◆ Collected data entries
(* Subadditivity: interleave two covers that are e/2-optimal. *)
Lemma lebvol_setU n (A B : set 'rV[R]_n) :
  lebvol (A `|` B) <= lebvol A + lebvol B.
Proof.
have [fA|] := boolP (lebvol A \is a fin_num); last exact: lebvol_infty_setU.
have [fB|nfB] := boolP (lebvol B \is a fin_num); last first.
  by rewrite setUC addeC; exact: lebvol_infty_setU.
apply/lee_addgt0Pr => e e0.
have e20 : (0 < e / 2)%R by rewrite divr_gt0.
have [_ [a1 [b1 [HA ->]]] lt1] := lb_ereal_inf_adherent e20 fA.
have [_ [a2 [b2 [HB ->]]] lt2] := lb_ereal_inf_adherent e20 fB.
pose a k := if odd k then a2 k./2 else a1 k./2.
pose b k := if odd k then b2 k./2 else b1 k./2.
apply: (le_trans (lebvol_le_cover (a := a) (b := b) _)).
  move=> x [/HA [k _ Hk]|/HB [k _ Hk]].
    by exists k.*2 => //; rewrite /a /b odd_double doubleK.
  by exists k.*2.+1 => //; rewrite /a /b /= odd_double /= uphalf_double.
have E k : (boxvol (a k) (b k))%:E =
   (if odd k then (boxvol (a2 k./2) (b2 k./2))%:E
             else (boxvol (a1 k./2) (b1 k./2))%:E) by rewrite /a /b; case: ifP.
under eq_eseriesr => k _ do rewrite E.
rewrite (eseries_interleave (f := fun j => (boxvol (a1 j) (b1 j))%:E)
   (g := fun j => (boxvol (a2 j) (b2 j))%:E)); try by move=> k; rewrite lee_fin boxvol_ge0.
have -> : lebvol A + lebvol B + e%:E =
          (lebvol A + (e / 2)%:E) + (lebvol B + (e / 2)%:E).
  rewrite -(fineK fA) -(fineK fB) -!EFinD; congr EFin; lra.
by apply: leeD; apply: ltW.
Qed.

Lemma lebvol_finite_cover n (T : eqType) (s : seq T) (A : T -> set 'rV[R]_n)
    (X : set 'rV[R]_n) (c : \bar R) :
  (0 < n)%N -> 0 <= c -> (forall i, i \in s -> lebvol (A i) <= c) ->
  X `<=` [set x | exists2 i, i \in s & A i x] ->
  lebvol X <= (size s)%:R%:E * c.
Proof.
move=> n0 c0; elim: s X => [|i s IH] X HA HX /=.
  rewrite mul0e.
  apply: (le_trans (lebvol_le_cover (a := fun _ => 0%R) (b := fun _ => 0%R) _)).
    by move=> x /HX [].
  rewrite eseries0 // => k _ _; congr EFin; rewrite /boxvol.
  by rewrite (bigD1 (Ordinal n0)) //= subrr maxxx mul0r.
apply: (le_trans (lebvol_le_subset (B := A i `|` [set x | exists2 j, j \in s & A j x]) _)).
  move=> x /HX [j]; rewrite inE => /orP[/eqP -> ?|js ?]; first by left.
  by right; exists j.
apply: (le_trans (lebvol_setU _ _)).
rewrite -[(size s).+1]addn1 natrD EFinD ge0_muleDl ?lee_fin // mul1e addeC.
apply: leeD; last by apply: HA; rewrite inE eqxx.
by apply: IH => // j js; apply: HA; rewrite inE js orbT.
Qed.
End OuterMeasure.

Section Rounding.
Local Open Scope classical_set_scope.
Variable R : realType.

(* Squared l_2 error of rounding at grid size m: 1/m (1 for the empty grid). *)
Definition round_err (m : nat) : R := if m == 0%N then 1 else m%:R^-1.

Lemma round_err_ge0 m : 0 <= round_err m.
Proof. by rewrite /round_err; case: ifP => // _; rewrite invr_ge0. Qed.

Definition sgn (x : R) : R := if 0 <= x then 1 else -1.

(* Rounding |x| down to the grid (1/m) N and restoring the sign of x costs at
   most |x| / m in square; this is where |x| <= 1 is used. *)
Lemma coord_round_err (m : nat) (x : R) : `|x| <= 1 ->
  (x - sgn x * ((Num.truncn (m%:R * `|x|))%:R / m%:R)) ^+ 2 <= round_err m * `|x|.
Proof.
move=> x1; rewrite /round_err.
have [->|m0] := eqVneq m 0%N.
  rewrite /= invr0 !mulr0 subr0 mul1r -(ger0_norm (sqr_ge0 x)) normrX expr2.
  by rewrite ler_piMl.
set k := Num.truncn _.
have mx0 : 0 <= m%:R * `|x| by rewrite mulr_ge0.
have /andP[k_le k_gt] := truncn_itv mx0; rewrite -/k in k_le k_gt.
have mpos : 0 < m%:R :> R by rewrite ltr0n lt0n.
have err_ge0 : 0 <= `|x| - k%:R / m%:R.
  by rewrite subr_ge0 ler_pdivrMr // mulrC.
have err_le : `|x| - k%:R / m%:R <= m%:R^-1.
  have -> : `|x| - k%:R / m%:R = (m%:R * `|x| - k%:R) * m%:R^-1.
    by field; rewrite gt_eqF.
  rewrite -[X in _ <= X]mul1r; apply: ler_wpM2r; first by rewrite invr_ge0 ler0n.
  by move: k_gt; rewrite -natr1; lra.
have -> : (x - sgn x * (k%:R / m%:R)) ^+ 2 = (`|x| - k%:R / m%:R) ^+ 2.
  rewrite /sgn; case: ifPn => x0; first by rewrite mul1r ger0_norm.
  by rewrite ltr0_norm ?ltNge // -sqrrN; congr (_ ^+ 2); ring.
rewrite expr2; apply: (le_trans (ler_wpM2l err_ge0 err_le)).
rewrite [X in _ <= X]mulrC; apply: ler_wpM2r; first by rewrite invr_ge0 ler0n.
by rewrite lerBlDr lerDl divr_ge0.
Qed.

(* The 2n+1 letters of the alphabet 'I_(2n+1): letter 0 is the zero vector,
   letter 1+j is e_j and letter n+1+j is -e_j. *)
Definition letter n (k : 'I_(n.*2).+1) : 'rV[R]_n :=
  \row_j (((k : nat) == j.+1)%:R - ((k : nat) == (n + j.+1)%N)%:R).

Definition sign_letter n (x : 'rV[R]_n) (i : 'I_n) : 'I_(n.*2).+1 :=
  if 0 <= x ord0 i then inord i.+1 else inord (n + i.+1).

Lemma letter0 n j : letter (ord0 : 'I_(n.*2).+1) ord0 j = 0.
Proof. by rewrite /letter mxE /= addnS subrr. Qed.

Lemma letter_sign n (x : 'rV[R]_n) i j :
  letter (sign_letter x i) ord0 j = (i == j)%:R * sgn (x ord0 i).
Proof.
have ltin := ltn_ord i; have ltjn := ltn_ord j.
rewrite /sign_letter /sgn /letter mxE; case: ifP => _.
  rewrite inordK; last by rewrite -addnn; lia.
  rewrite eqSS (_ : (i.+1 == n + j.+1)%N = false) ?subr0 ?mulr1 //.
  by apply/negbTE/eqP; lia.
rewrite inordK; last by rewrite -addnn; lia.
rewrite eqn_add2l eqSS (_ : (n + i.+1 == j.+1)%N = false) ?sub0r ?mulrN1 //.
by apply/negbTE/eqP; lia.
Qed.

Definition grid_count n (m : nat) (x : 'rV[R]_n) (i : 'I_n) : nat :=
  Num.truncn (m%:R * `|x ord0 i|).

Definition round_word n m (x : 'rV[R]_n) : seq 'I_(n.*2).+1 :=
  flatten [seq nseq (grid_count m x i) (sign_letter x i) | i <- enum 'I_n] ++
  nseq (m - \sum_i grid_count m x i) ord0.

Lemma sum_grid_count n m (x : 'rV[R]_n) :
  norm1 x <= 1 -> (\sum_i grid_count m x i <= m)%N.
Proof.
move=> x1; rewrite -(ler_nat R) natr_sum.
apply: (le_trans (y := \sum_i m%:R * `|x ord0 i|)).
  by apply: ler_sum => i _; rewrite /grid_count truncn_le mulr_ge0.
by rewrite -mulr_sumr -[X in _ <= X]mulr1; apply: ler_wpM2l.
Qed.

Lemma size_round_word n m (x : 'rV[R]_n) :
  norm1 x <= 1 -> size (round_word m x) = m.
Proof.
move=> x1; rewrite /round_word size_cat size_nseq size_flatten /shape -map_comp.
rewrite sumnE big_map big_enum /=.
rewrite (eq_bigr (grid_count m x)); last by move=> i _; rewrite size_nseq.
have -> : \sum_(i in 'I_n) grid_count m x i = \sum_(i < n) grid_count m x i.
  exact: eq_bigl.
by rewrite subnKC ?sum_grid_count.
Qed.

Lemma sum_round_word n m (x : 'rV[R]_n) j :
  (\sum_(k <- round_word m x) letter k) ord0 j =
  (grid_count m x j)%:R * sgn (x ord0 j).
Proof.
rewrite summxE big_cat /= big_nseq letter0 iter_addr_0 mul0rn addr0.
rewrite big_flatten big_map big_enum /=.
under eq_bigr => i _ do rewrite big_nseq iter_addr_0 letter_sign.
rewrite (bigD1 j) //= eqxx big1 ?addr0; first by rewrite mul1r mulr_natl.
by move=> i /negbTE ->; rewrite mul0r mul0rn.
Qed.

◆ Exercise details
From the records above, give again exactly the lines running from the line with "have [fB|nfB] := boolP" to the line with "Variable R : realType.", inclusive.

◆ Worked solution
have [fB|nfB] := boolP (lebvol B \is a fin_num); last first.
  by rewrite setUC addeC; exact: lebvol_infty_setU.
apply/lee_addgt0Pr => e e0.
have e20 : (0 < e / 2)%R by rewrite divr_gt0.
have [_ [a1 [b1 [HA ->]]] lt1] := lb_ereal_inf_adherent e20 fA.
have [_ [a2 [b2 [HB ->]]] lt2] := lb_ereal_inf_adherent e20 fB.
pose a k := if odd k then a2 k./2 else a1 k./2.
pose b k := if odd k then b2 k./2 else b1 k./2.
apply: (le_trans (lebvol_le_cover (a := a) (b := b) _)).
  move=> x [/HA [k _ Hk]|/HB [k _ Hk]].
    by exists k.*2 => //; rewrite /a /b odd_double doubleK.
  by exists k.*2.+1 => //; rewrite /a /b /= odd_double /= uphalf_double.
have E k : (boxvol (a k) (b k))%:E =
   (if odd k then (boxvol (a2 k./2) (b2 k./2))%:E
             else (boxvol (a1 k./2) (b1 k./2))%:E) by rewrite /a /b; case: ifP.
under eq_eseriesr => k _ do rewrite E.
rewrite (eseries_interleave (f := fun j => (boxvol (a1 j) (b1 j))%:E)
   (g := fun j => (boxvol (a2 j) (b2 j))%:E)); try by move=> k; rewrite lee_fin boxvol_ge0.
have -> : lebvol A + lebvol B + e%:E =
          (lebvol A + (e / 2)%:E) + (lebvol B + (e / 2)%:E).
  rewrite -(fineK fA) -(fineK fB) -!EFinD; congr EFin; lra.
by apply: leeD; apply: ltW.
Qed.

Lemma lebvol_finite_cover n (T : eqType) (s : seq T) (A : T -> set 'rV[R]_n)
    (X : set 'rV[R]_n) (c : \bar R) :
  (0 < n)%N -> 0 <= c -> (forall i, i \in s -> lebvol (A i) <= c) ->
  X `<=` [set x | exists2 i, i \in s & A i x] ->
  lebvol X <= (size s)%:R%:E * c.
Proof.
move=> n0 c0; elim: s X => [|i s IH] X HA HX /=.
  rewrite mul0e.
  apply: (le_trans (lebvol_le_cover (a := fun _ => 0%R) (b := fun _ => 0%R) _)).
    by move=> x /HX [].
  rewrite eseries0 // => k _ _; congr EFin; rewrite /boxvol.
  by rewrite (bigD1 (Ordinal n0)) //= subrr maxxx mul0r.
apply: (le_trans (lebvol_le_subset (B := A i `|` [set x | exists2 j, j \in s & A j x]) _)).
  move=> x /HX [j]; rewrite inE => /orP[/eqP -> ?|js ?]; first by left.
  by right; exists j.
apply: (le_trans (lebvol_setU _ _)).
rewrite -[(size s).+1]addn1 natrD EFinD ge0_muleDl ?lee_fin // mul1e addeC.
apply: leeD; last by apply: HA; rewrite inE eqxx.
by apply: IH => // j js; apply: HA; rewrite inE js orbT.
Qed.
End OuterMeasure.

Section Rounding.
Local Open Scope classical_set_scope.
Variable R : realType.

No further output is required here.